And How many hives can a commercial guy transport on the deck of a hybrid?

Hybrids might be nice for the earth saving one package toting ex hippie crowd but the rest for of us the thing that makes a real difference is cheap fuel. The real winners in this are going to be the folks from Florida who ought to save hundreds of bucks a load each way going to and from the almonds ( at the current fuel price) .


----------



## RAK (May 2, 2010)

Honey-4-All said:


> And How many hives can a commercial guy transport on the deck of a hybrid?
> 
> Hybrids might be nice for the earth saving one package toting ex hippie crowd but the rest for of us the thing that makes a real difference is cheap fuel. The real winners in this are going to be the folks from Florida who ought to save hundreds of bucks a load each way going to and from the almonds ( at the current fuel price) .


Cheap fuel= more money in truckers pocket. Were still paying the same price for trucking....

Unless you have your own tractors.


----------



## acbz (Sep 8, 2009)

Diesel is more expensive to refine than gasoline these days because of the Ultra Low Sulfer requirements. That is why it is now more expensive than gasoline. Why do we "need" ultra low sulfer? Because the sulfer poisons the catalyst in your expensive new diesel exhaust filter. Why do we "need" diesel exhaust filters? Ask the EPA. 
To keep this on beekeeping...it will lower hive moving expenses. 
Lower fuel prices are supposedly here to stay for a while as OPEC tries to break the back of the fracking industry.


----------



## wildbranch2007 (Dec 3, 2008)

PeterP said:


> One news item I read stated diesel is similar (manufacturing?) to heating oil.

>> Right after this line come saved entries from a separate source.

Lemma f_scal_real (t : R) (x : A) : f (scal (RtoC t) x) = scal (RtoC t) (f x).
Proof.
  have [k Hk] := pow2_unbounded (Rabs t / 2).
  have H2k : 0 < 2 ^ k by apply: pow_lt; lra.
  have Hsmall : -2 <= t / 2 ^ k <= 2.
  { have Hinv : / 2 ^ k * 2 ^ k = 1 by apply: Rinv_l; lra.
    have := Rle_abs t. have := Rle_abs (- t). rewrite Rabs_Ropp.
    split; apply: (Rmult_le_reg_r (2 ^ k)) => //; rewrite /Rdiv Rmult_assoc Hinv; lra. }
  have -> : RtoC t = RtoC (2 ^ k * (t / 2 ^ k)) by congr RtoC; field; lra.
  by rewrite -!(scal_RtoC_mult _ (2 ^ k) (t / 2 ^ k)) f_scal_pow2 f_scal_real_small.
Qed.

Lemma f_scal (c : C) (x : A) : f (scal c x) = scal c (f x).
Proof.
  case: (Req_dec (Cmod c) 0) => [/Cmod_eq_0 -> | Hc].
  { by rewrite !scal_zero_l f_zero. }
  have Hm : 0 < Cmod c by have := Cmod_ge_0 c; lra.
  set u := Cmult c (RtoC (/ Cmod c)).
  have Hu : Cmod u = 1.
  { rewrite /u Cmod_mult Cmod_R Rabs_pos_eq; first by field.
    apply: Rlt_le. exact: Rinv_0_lt_compat. }
  have -> : c = Cmult (RtoC (Cmod c)) u.
  { rewrite /u. clear Hu u Hm. move: (Cmod c) Hc => m Hm.
    case: c => c1 c2. rewrite /Cmult /RtoC /=. f_equal; field; exact: Hm. }
  by rewrite -!(scal_assoc (RtoC (Cmod c)) u) f_scal_real (f_scal_unit _ _ Hu).
Qed.

Lemma f_jordan (a : A) : f (apow A mul a n) = jordan_sum A mul n (f a) a.
Proof.
  apply: (eq_of_dilation_bound _ _ _ (theta * rpow (norm a) (2 * r)) (2 * r)); first lra.
  move=> k. have H2k : 1 <= 2 ^ k by apply: pow_R1_Rle; lra.
  have H2kn : 2 ^ k <= (2 ^ k) ^ n by rewrite -{1}(pow_1 (2 ^ k)); apply: Rle_pow.
  have := jordan_defect_le (scal (RtoC (2 ^ k)) a).
  rewrite apow_scal // !f_scal jordan_sum_scal_both // -scal_minus_distr_l rpow_norm_scal;
    last lra.
  rewrite norm_scal_RtoC; last by apply: pow_le; lra.
  move=> H. apply: Rle_trans (Rmult_le_compat_r _ _ _ (norm_ge_0 _) H2kn) _.
  apply: (Rle_trans _ _ _ H). right. ring.
Qed.

Lemma f_star (w : A) : f (star w) = star (f w).
Proof.
  apply: (eq_of_dilation_bound _ _ _ (theta * rpow (norm w) r) r); first lra.
  move=> k. have H2k : 0 < 2 ^ k by apply: pow_lt; lra.
  have := star_defect_le (scal (RtoC (2 ^ k)) w).
  rewrite (star_scal_RtoC A star star_scal) !f_scal_real (star_scal_RtoC A star star_scal)
    -scal_minus_distr_l rpow_norm_scal // norm_scal_RtoC; last lra.
  move=> H. apply: (Rle_trans _ _ _ H). right. ring.
Qed.

Lemma f_star_n_jordan_derivation : star_n_jordan_derivation A mul star n f.
Proof.
  split; [split; [|split] |];
    [exact: f_additive | exact: f_scal | exact: f_jordan | exact: f_star].
Qed.

End ApproximateJordanDerivation.

Theorem corollary2p8 (n : nat) (A : CompleteNormedModule C_AbsRing)
  (mul : A -> A -> A) (star : A -> A) (r theta : R) (f : A -> A) :
  (2 <= n)%nat ->
  cstar_algebra A mul star ->
  0 < r -> r < /2 -> 0 <= theta ->
  (forall (mu : C) (x y a w : A), Cmod mu = 1 ->
     norm (plus (plus
       (minus (plus (scal mu (f (scal (RtoC (/2)) (plus x y))))
                    (scal mu (f (scal (RtoC (/2)) (minus x y)))))
              (f (scal mu x)))
       (minus (f (apow A mul a n)) (jordan_sum A mul n (f a) a)))
       (minus (f (star w)) (star (f w))))
     <= theta * (rpow (norm x) r * rpow (norm y) r + rpow (norm a) (2 * r)
                 + rpow (norm w) r)) ->
  exists D : A -> A,
    star_n_jordan_derivation A mul star n D /\
    (forall x, norm (minus (f x) (D x))
               <= Rpower 3 r * theta / (2 - Rpower 2 r) * rpow (norm x) (2 * r)) /\
    (forall D' : A -> A,
       star_n_jordan_derivation A mul star n D' ->
       (forall x, norm (minus (f x) (D' x))
                  <= Rpower 3 r * theta / (2 - Rpower 2 r) * rpow (norm x) (2 * r)) ->
       forall x, D' x = D x).
Proof.
  move=> Hn cs _ Hr Htheta Hf.
  set K := Rpower 3 r * theta / (2 - Rpower 2 r).
  have HK : 0 <= K.
  { have H2r : Rpower 2 r < 2 by rewrite -{2}(Rpower_1 2); [apply: Rpower_lt|]; lra.
    have H3r : 0 < Rpower 3 r by apply: exp_pos.
    apply: Rmult_le_pos; first by apply: Rmult_le_pos; lra.
    apply: Rlt_le. apply: Rinv_0_lt_compat. lra. }
  exists f. split; [|split].
  - apply: (f_star_n_jordan_derivation _ _ _ _ _ _ _ cs _ Hr Hf). lia.
  - move=> x. rewrite minus_eq_zero norm_zero. exact: Rmult_le_pos HK (rpow_ge0 _ _).
  - move=> D' [[_ [HD' _]] _] Hdist x. symmetry.
    apply: (homogeneous_eq_of_dist_le _ _ f D' K (2 * r)) => [|t y|t y|//].
    + lra.
    + exact: (f_scal _ _ _ _ _ _ _ cs Hr Hf).
    + exact: HD'.
Qed.
(* Let $q$ be a prime and let $f:\mathbb{N}\to\{0,1\}$ be a multiplicative $q$-automatic sequence such that $\widehat{\mathbb{P}_1}$ is infinite. Then there exists $\alpha\in\mathbb{N}$ such that the set $\{p\in\widehat{\mathbb{P}_1} : \alpha_p=\alpha\}$ is infinite.
   Context: $f$ multiplicative means $f(mn)=f(m)f(n)$ whenever $\gcd(m,n)=1$; $f$ is $q$-automatic if its $q$-kernel $\{\{f(q^in+r)\}_{n\ge 0}: i\ge 1, 0\le r\le q^i-1\}$ is finite. $\widehat{\mathbb{P}_1}=\{p \text{ prime} : f(p^e)=1 \text{ for some } e\ge 1\}$. $\phi$ is Euler's totient function. For a prime $p$ and integer $\delta\ge 1$, $\alpha_{p,\delta}$ is defined by $q^{\alpha_{p,\delta}}\,\|\, p^{\delta\phi(q)}-1$ (i.e. $q^{\alpha_{p,\delta}}$ divides $p^{\delta\phi(q)}-1$ but $q^{\alpha_{p,\delta}+1}$ does not). For $p\in\widehat{\mathbb{P}_1}$, $\alpha_p=\min\{\alpha_{p,\delta} : \delta\ge 1,\ f(p^\delta)=1\}$. *)

From mathcomp Require Import all_boot.
Set Implicit Arguments. Unset Strict Implicit. Unset Printing Implicit Defensive.

Definition zero_one (f : nat -> nat) : Prop := forall n, f n <= 1.

Definition multiplicative (f : nat -> nat) : Prop :=
  forall m n, 0 < m -> 0 < n -> coprime m n -> f (m * n) = f m * f n.

(* The q-kernel {(f(q^i n + r))_{n>=0} : i >= 1, 0 <= r <= q^i - 1} is finite:
   it is contained in a finite family F 0, ..., F (k-1) of sequences. *)
Definition q_automatic (q : nat) (f : nat -> nat) : Prop :=
  exists (k : nat) (F : nat -> nat -> nat),
    forall i r, 1 <= i -> r < q ^ i ->
      exists j, j < k /\ forall n, f (q ^ i * n + r) = F j n.

Definition P1hat (f : nat -> nat) (p : nat) : Prop :=
  prime p /\ exists e, 1 <= e /\ f (p ^ e) = 1.

Definition infinite_set (P : nat -> Prop) : Prop :=
  forall N, exists p, N < p /\ P p.

Definition alpha_pd (q p delta : nat) : nat :=
  logn q (p ^ (delta * totient q) - 1).

Definition alpha_p_is (f : nat -> nat) (q p a : nat) : Prop :=
  (exists delta, 1 <= delta /\ f (p ^ delta) = 1 /\ alpha_pd q p delta = a) /\
  (forall delta, 1 <= delta -> f (p ^ delta) = 1 -> a <= alpha_pd q p delta).

From mathcomp Require Import all_boot.
From mathcomp Require Import zify ring.
From Stdlib Require Import Classical ClassicalEpsilon.

(* By finiteness of the q-kernel, two of the subsequences
   n |-> f (q^i n + 1), i >= 1, coincide: f (q^I n + 1) = f (q^I' n + 1) with
   0 < I < I'. *)

Lemma pigeonhole_nat {n} (g : nat -> nat) :
  (forall i, i <= n -> g i < n) -> exists i j, i < j <= n /\ g i = g j.
Proof.
move=> g_lt; pose h (i : 'I_n.+1) : 'I_n := Ordinal (g_lt i (ltn_ord i)).
have : ~~ injectiveb h.
  by apply/negP => /injectiveP/leq_card; rewrite !card_ord ltnn.
case/injectivePn => x [y x_neq_y /(congr1 val) /= gxy].
have le_n (z : 'I_n.+1) : z <= n by rewrite -ltnS.
case: (ltngtP x y) => [lt_xy|lt_yx|eq_xy].
- by exists x, y; rewrite lt_xy le_n.
- by exists y, x; rewrite lt_yx le_n.
- by case/negP: x_neq_y; apply/eqP/val_inj.
Qed.

Lemma classical_least (P : nat -> Prop) n :
  P n -> exists m, P m /\ forall k, P k -> m <= k.
Proof.
elim/ltn_ind: n => n IH Pn.
have [[k [lt_kn Pk]]|no_smaller] := classic (exists k, k < n /\ P k).
  exact: IH lt_kn Pk.
exists n; split=> // k Pk; rewrite leqNgt; apply/negP => lt_kn.
by apply: no_smaller; exists k.
Qed.

Lemma infinite_bounded_label (R : nat -> nat -> Prop) K :
  infinite_set (fun p => exists2 a, a <= K & R p a) ->
  exists a, infinite_set (fun p => R p a).
Proof.
elim: K => [|K IH] infR.
  exists 0 => N; have [p [lt_Np [a a_le0 Rpa]]] := infR N.
  by exists p; move: a_le0; rewrite leqn0 => /eqP a0; rewrite -a0.
have [infK|finK] := classic (infinite_set (fun p => R p K.+1)); first by exists K.+1.
have [N0 noK] : exists N0, ~ exists p, N0 < p /\ R p K.+1.
  by apply: NNPP => C; apply: finK => N; apply: NNPP => C'; apply: C; exists N.
apply: IH => N; have [p [lt_Np [a a_le Rpa]]] := infR (maxn N N0).
rewrite gtn_max in lt_Np; case/andP: lt_Np => lt_Np lt_N0p.
exists p; split=> //; exists a => //; rewrite leq_eqVlt in a_le.
case/orP: a_le => [/eqP aK|] //; case: noK; exists p; by rewrite -aK.
Qed.

Lemma enumerate_infinite {P : nat -> Prop} N :
  infinite_set P -> exists s : nat -> nat,
    [/\ N < s 0, forall t, s t < s t.+1 & forall t, P (s t)].
Proof.
move=> infP; have [next next_spec] := choice _ infP.
pose s t := iter t.+1 next N.
exists s; split=> [|t|t]; first by case: (next_spec N).
  by case: (next_spec (s t)).
by case: (next_spec (iter t next N)).
Qed.

Lemma one_plus_pow_mod_sq m y : (1 + y) ^ m = 1 + m * y %[mod y ^ 2].
Proof.
elim: m => [|m IH]; first by rewrite mul0n.
rewrite expnS -modnMmr IH modnMmr.
have -> : (1 + y) * (1 + m * y) = m * y ^ 2 + (1 + m.+1 * y) by ring.
by rewrite modnMDl.
Qed.

Lemma coprime_prod (I : Type) (r : seq I) (P : pred I) (F : I -> nat) m :
  (forall i, P i -> coprime (F i) m) -> coprime (\prod_(i <- r | P i) F i) m.
Proof.
move=> coF; apply: (big_ind (fun x => coprime x m)) => // [|x y cx cy].
- exact: coprime1n.
- by rewrite coprimeMl cx.
Qed.

Lemma pow_congr_one_from_prime_parts m s X : 0 < X ->
  (forall l, prime l -> l %| X -> l ^ (logn l X * s) = 1 %[mod m]) ->
  X ^ s = 1 %[mod m].
Proof.
move=> X_gt0 parts; rewrite {1}(prod_prime_decomp X_gt0) prime_decompE big_map.
rewrite big_seq; apply: (big_ind (fun x => x ^ s = 1 %[mod m])) => [|x y ex ey|l].
- by rewrite exp1n.
- by rewrite expnMn -modnMm ex ey modnMm.
- by rewrite mem_primes => /and3P [l_pr _ l_dvd]; rewrite -expnM parts.
Qed.

(* For c > 0 and q not dividing u, (q^c u + 1)^phi(q) = 1 + phi(q) q^c u is
   not 1 modulo q^(c+1). *)
Lemma one_plus_qpow_totient {q c u} : prime q -> 0 < c -> coprime q u ->
  (q ^ c * u + 1) ^ totient q != 1 %[mod q ^ c.+1].
Proof.
move=> q_pr c_gt0 co_qu; set y := q ^ c * u.
have sq_dvd : q ^ c.+1 %| y ^ 2.
  rewrite /y expnMn -expnM; apply: dvdn_mulr; apply: dvdn_exp2l; lia.
have binom : (y + 1) ^ totient q = 1 + totient q * y %[mod q ^ c.+1].
  by rewrite addnC -(modn_dvdm _ sq_dvd) one_plus_pow_mod_sq (modn_dvdm _ sq_dvd).
rewrite binom -{2}(addn0 1) eqn_modDl eqn_mod_dvd // subn0.
rewrite /y mulnCA expnSr dvdn_pmul2l ?expn_gt0 ?prime_gt0 // Euclid_dvdM //.
rewrite totient_prime // negb_or -[~~ (q %| u)]prime_coprime // co_qu andbT.
have q_gt1 := prime_gt1 q_pr.
by rewrite gtnNdvd //; lia.
Qed.

Section Multiplicative.
Variable f : nat -> nat.
Hypothesis f_mul : multiplicative f.

Lemma multiplicative_one {n} : 0 < n -> f n = 1 -> f 1 = 1.
Proof.
move=> n_gt0 fn1; have := @f_mul n 1 n_gt0 (ltn0Sn 0) (coprimen1 n).
by rewrite muln1 fn1 => /esym/eqP; rewrite muln_eq1 => /andP [_ /eqP].
Qed.

(* If f Y = 1 then f = 1 on every prime-power part of Y, since f (l^e) f Z = 1
   for the coprime factorization Y = l^e Z. *)
Lemma multiplicative_prime_part Y l : 0 < Y -> f Y = 1 -> prime l ->
  f (l ^ logn l Y) = 1.
Proof.
move=> Y_gt0 fY l_pr; have [Z co_lZ defY] := pfactor_coprime l_pr Y_gt0.
have Z_gt0 : 0 < Z by move: Y_gt0; rewrite defY muln_gt0 => /andP [].
have co : coprime Z (l ^ logn l Y) by rewrite coprime_sym coprimeXl.
move: fY; rewrite {1}defY f_mul // ?expn_gt0 ?prime_gt0 //.
by move/eqP; rewrite muln_eq1 => /andP [_ /eqP].
Qed.

Lemma multiplicative_prod_prime_powers (P D : nat -> nat) a b :
  f 1 = 1 -> (forall t, prime (P t)) -> (forall s t, s < t -> P s < P t) ->
  (forall t, f (P t ^ D t) = 1) -> f (\prod_(a <= t < b) P t ^ D t) = 1.
Proof.
move=> f1 P_pr P_mono fPD; elim: b => [|b IH]; first by rewrite big_geq.
have [lt_ba|le_ab] := ltnP b a; first by rewrite big_geq.
have PD_gt0 t : 0 < P t ^ D t by rewrite expn_gt0 prime_gt0.
rewrite big_nat_recr //= f_mul ?IH ?fPD ?prodn_gt0 //.
rewrite big_nat_cond; apply: coprime_prod => t /andP [/andP [_ lt_tb] _].
apply: coprimeXl; apply: coprimeXr.
by rewrite prime_coprime // dvdn_prime2 // ltn_eqF // P_mono.
Qed.

(* If P1hat f is infinite, f takes the value 1 at some X > 1 with X = 1 mod Q:
   among the partial products of prime powers p^d (p > Q, f (p^d) = 1) two
   agree modulo Q, and their quotient is such an X. *)
Lemma value_one_congruent_one {Q} : 0 < Q -> infinite_set (P1hat f) ->
  exists X, [/\ 1 < X, f X = 1 & Q %| X - 1].
Proof.
move=> Q_gt0 infP1; have [P [Q_lt_P0 P_step P1]] := enumerate_infinite Q infP1.
have P_pr t : prime (P t) by case: (P1 t).
have P_mono s t : s < t -> P s < P t.
  move/subnKC <-; elim: (t - s.+1) => [|d IH]; first by rewrite addn0.
  by rewrite addnS (ltn_trans IH).
have [D D_spec] : exists D, forall t, 0 < D t /\ f (P t ^ D t) = 1.
  apply: (choice (fun t d => 0 < d /\ f (P t ^ d) = 1)) => t.
  by case: (P1 t) => _ [e he]; exists e.
have PD_gt1 t : 1 < P t ^ D t.
  by rewrite -(expn0 (P t)) ltn_exp2l ?prime_gt1 ?(D_spec t).1.
have Q_lt_P t : Q < P t by case: t => // t; rewrite (ltn_trans Q_lt_P0) ?P_mono.
have coPD_Q t : coprime (P t ^ D t) Q.
  rewrite coprimeXl // prime_coprime //; apply/negP => /(dvdn_leq Q_gt0).
  by rewrite leqNgt Q_lt_P.
pose pp j := \prod_(0 <= t < j) P t ^ D t.
have [j1 [j2 [/andP [lt_j12 _] pp_eq]]] :=
  pigeonhole_nat (fun j => pp j %% Q) (fun j _ => ltn_pmod (pp j) Q_gt0).
pose X := \prod_(j1 <= t < j2) P t ^ D t.
have pp_split : pp j2 = pp j1 * X by rewrite /pp /X -big_cat_nat // ltnW.
have f1 : f 1 = 1 by apply: (multiplicative_one (ltnW (PD_gt1 0))); case: (D_spec 0).
exists X; split.
- rewrite /X big_ltn // (leq_trans (PD_gt1 j1)) // leq_pmulr // prodn_gt0 // => t.
  exact: ltnW (PD_gt1 t).
- by apply: multiplicative_prod_prime_powers => // t; case: (D_spec t).
- have co_Q_pp : coprime Q (pp j1) by rewrite coprime_sym /pp coprime_prod.
  rewrite -(Gauss_dvdr _ co_Q_pp) mulnBr muln1 -pp_split -eqn_mod_dvd ?pp_eq //.
  by rewrite pp_split leq_pmulr // prodn_gt0 // => t; exact: ltnW (PD_gt1 t).
Qed.

Lemma prime_factor_small_alpha {q c u} : prime q -> 0 < c -> coprime q u ->
  f (q ^ c * u + 1) = 1 ->
  exists l, [/\ prime l, l %| q ^ c * u + 1 &
    exists2 e, 0 < e & f (l ^ e) = 1 /\ alpha_pd q l e <= c].
Proof.
move=> q_pr c_gt0 co_qu fY; set Y := q ^ c * u + 1.
have Y_gt0 : 0 < Y by rewrite /Y addn1.
have [l [l_pr l_dvd l_bad]] : exists l, [/\ prime l, l %| Y &
    l ^ (logn l Y * totient q) != 1 %[mod q ^ c.+1]].
  apply: NNPP => no_bad; case/negP: (one_plus_qpow_totient q_pr c_gt0 co_qu).
  apply/eqP/pow_congr_one_from_prime_parts => // l l_pr l_dvd.
  by apply/eqP/negPn/negP => bad; apply: no_bad; exists l.
exists l; split=> //; exists (logn l Y).
  by rewrite logn_gt0 mem_primes l_pr Y_gt0.
split; first exact: multiplicative_prime_part.
rewrite /alpha_pd leqNgt; apply: contra l_bad => alpha_big.
have [V0|V_gt0] := posnP (l ^ (logn l Y * totient q) - 1).
  by rewrite V0 logn0 in alpha_big.
by rewrite eqn_mod_dvd ?expn_gt0 ?prime_gt0 // pfactor_dvdn.
Qed.

End Multiplicative.

Lemma alpha_p_exists {f} q {p e} : 0 < e -> f (p ^ e) = 1 ->
  exists2 a, alpha_p_is f q p a & a <= alpha_pd q p e.
Proof.
move=> e_gt0 fe.
have [a [[d [d_gt0 [fd alpha_d]]] a_min]] :=
  @classical_least (fun a => exists d, 0 < d /\ f (p ^ d) = 1 /\ alpha_pd q p d = a)
    (alpha_pd q p e) (ex_intro _ e (conj e_gt0 (conj fe erefl))).
exists a; last by apply: a_min; exists e.
split; first by exists d.
by move=> d' d'_gt0 fd'; apply: a_min; exists d'.
Qed.

Lemma kernel_repetition {q f} : 1 < q -> q_automatic q f ->
  exists I I', [/\ 0 < I, I < I' & forall n, f (q ^ I * n + 1) = f (q ^ I' * n + 1)].
Proof.
move=> q_gt1 [k [F kerF]].
have [idx idx_spec] : exists idx : nat -> nat, forall t,
    idx t < k /\ forall n, f (q ^ t.+1 * n + 1) = F (idx t) n.
  apply: (choice (fun t j => j < k /\ forall n, f (q ^ t.+1 * n + 1) = F j n)) => t.
  by apply: kerF; rewrite // -{1}(expn0 q) ltn_exp2l.
have [t1 [t2 [/andP [lt_t12 _] idx_eq]]] := pigeonhole_nat idx (fun t _ => (idx_spec t).1).
by exists t1.+1, t2.+1; split=> // n; rewrite (idx_spec t1).2 (idx_spec t2).2 idx_eq.
Qed.

Lemma exponent_reduction (g : nat -> nat) q I I' : I < I' ->
  (forall n, g (q ^ I * n + 1) = g (q ^ I' * n + 1)) ->
  forall c n, I <= c -> g (q ^ c * n + 1) = g (q ^ (I + (c - I) %% (I' - I)) * n + 1).
Proof.
move=> lt_II' period c; elim/ltn_ind: c => c IH n le_Ic.
have [lt_cI'|le_I'c] := ltnP c I'.
  by rewrite modn_small ?subnKC //; lia.
have def_c : c = I' + (c - I') by rewrite subnKC.
rewrite {1}def_c expnD -mulnA -period mulnA -expnD IH; [|lia|lia].
have -> : c - I = (c - I') + (I' - I) by lia.
by rewrite addKn modnDr.
Qed.

(* q^c u + 1 (c > 0) is coprime to u and q, so when N! divides u q^a, every
   prime factor of q^c u + 1 exceeds N. *)
Lemma prime_factors_exceed {q c u} a {N l} : 0 < c -> N`! %| u * q ^ a ->
  prime l -> l %| q ^ c * u + 1 -> N < l.
Proof.
move=> c_gt0 fact_dvd l_pr l_dvd.
have co_Yqu : coprime (q ^ c * u + 1) (q ^ c * u) by rewrite addn1 coprimeSn.
have co_Y : coprime (q ^ c * u + 1) (u * q ^ a).
  rewrite coprimeMr (coprime_dvdr _ co_Yqu) ?dvdn_mull //=.
  by rewrite coprimeXr // (coprime_dvdr _ co_Yqu) // dvdn_mulr // dvdn_exp.
rewrite ltnNge; apply/negP => le_lN.
have : l %| 1.
  by rewrite -(eqP co_Y) dvdn_gcd l_dvd (dvdn_trans _ fact_dvd) // dvdn_fact ?prime_gt0.
by rewrite dvdn1 => /eqP l1; rewrite l1 in l_pr.
Qed.

(* Core of the argument: above every bound N there is a prime l in P1hat with
   alpha_l < I'.  It is found in Y = q^c u + 1, obtained by reducing the
   exponent of q in X - 1 for an X with f X = 1 and X = 1 mod q^I' N!. *)
Lemma large_primes_small_alpha {q f I I'} : prime q -> multiplicative f ->
  infinite_set (P1hat f) -> 0 < I -> I < I' ->
  (forall n, f (q ^ I * n + 1) = f (q ^ I' * n + 1)) ->
  infinite_set (fun p => exists2 a, a <= I' & P1hat f p /\ alpha_p_is f q p a).
Proof.
move=> q_pr f_mul infP1 I_gt0 lt_II' period N.
have Q_gt0 : 0 < q ^ I' * N`! by rewrite muln_gt0 expn_gt0 prime_gt0 ?fact_gt0.
have [X [X_gt1 fX Q_dvd]] := value_one_congruent_one _ f_mul Q_gt0 infP1.
have X1_gt0 : 0 < X - 1 by rewrite subn_gt0.
have [u co_qu defX] := pfactor_coprime q_pr X1_gt0.
set a := logn q (X - 1) in defX.
have le_I'a : I' <= a by rewrite -pfactor_dvdn ?(dvdn_trans _ Q_dvd) ?dvdn_mulr.
set c := I + (a - I) %% (I' - I).
have c_gt0 : 0 < c by rewrite addn_gt0 I_gt0.
have lt_cI' : c < I' by rewrite /c -ltn_subRL ltn_mod subn_gt0.
have fY : f (q ^ c * u + 1) = 1.
  by rewrite -exponent_reduction ?(leq_trans (ltnW lt_II')) // mulnC -defX subnK // ltnW.
have [l [l_pr l_dvd [e e_gt0 [fe alpha_e]]]] :=
  prime_factor_small_alpha _ f_mul q_pr c_gt0 co_qu fY.
have lt_Nl : N < l.
  apply: (prime_factors_exceed a c_gt0 _ l_pr l_dvd).
  by rewrite -defX (dvdn_trans _ Q_dvd) ?dvdn_mull.
have [b alpha_l le_b] := alpha_p_exists q e_gt0 fe.
exists l; split=> //; exists b; last by split=> //; split=> //; exists e.
by rewrite ltnW // (leq_ltn_trans le_b) // (leq_ltn_trans alpha_e).
Qed.

Theorem proposition2 (q : nat) (f : nat -> nat) :
  prime q -> zero_one f -> multiplicative f -> q_automatic q f ->
  infinite_set (P1hat f) ->
  exists alpha : nat, infinite_set (fun p => P1hat f p /\ alpha_p_is f q p alpha).
Proof.
move=> q_pr _ f_mul f_aut infP1.
have [I [I' [I_gt0 lt_II' period]]] := kernel_repetition (prime_gt1 q_pr) f_aut.
apply: (infinite_bounded_label _ I').
exact: (large_primes_small_alpha q_pr f_mul infP1 I_gt0 lt_II' period).
Qed.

The winter demand for heating oil has offset the reduction in crude price. Demand for diesel/heating oil goes up in winter whereas demand for gas goes up in summer.
> 
> Peter


also because of the higher prices over seas, and because they have converted more vehicles to diesel, we export much of the diesel, they can ship it and still make more money.
Get the govt. to require 18 wheelers to convert to natural gas and the price would drop:thumbsup:


----------



## jim lyon (Feb 19, 2006)

The numbers I have heard are that the ULSD refinement process adds about .10 per gallon and additional taxes average out to about .07 per gallon nationwide. Currently, in our area, there is about a $1.00 per gallon price difference. I guess the price difference is market demand. Diesels trucks sure are nice for hard work and towing but before buying one a buyer needs to decide how badly they really need one. Gas engines are a bit snappier unloaded, per mile fuel costs and warranties are pretty similar (even before the recent fuel price drop) but lots more fuel related problems with diesels, and it seems like they always need a refill of def. The real kicker, though, is to get that extra towing power you are investing almost 9 grand more in upfront costs.......that's currently about 4,500 gallons of gasoline. Gets one thinking dosent it?


----------



## RAK (May 2, 2010)

Extra 9k worth it if you could get 500k miles out of it.


----------



## Markt (Feb 8, 2012)

I'm just not sure if fuel is a big enough cost percentage wise in a beekeeping operation to affect the sorts of things a beekeeper does to their hives the way it affects big construction outfits and the like. A better question might be how much would gas (diesel) really have to be per gallon to make you give up your long distance pollination contracts?


----------



## BMAC (Jun 23, 2009)

jim lyon said:


> The numbers I have heard are that the ULSD refinement process adds about .10 per gallon and additional taxes average out to about .07 per gallon nationwide. Currently, in our area, there is about a $1.00 per gallon price difference. I guess the price difference is market demand. Diesels trucks sure are nice for hard work and towing but before buying one a buyer needs to decide how badly they really need one. Gas engines are a bit snappier unloaded, per mile fuel costs and warranties are pretty similar (even before the recent fuel price drop) but lots more fuel related problems with diesels, and it seems like they always need a refill of def. The real kicker, though, is to get that extra towing power you are investing almost 9 grand more in upfront costs.......that's currently about 4,500 gallons of gasoline. Gets one thinking dosent it?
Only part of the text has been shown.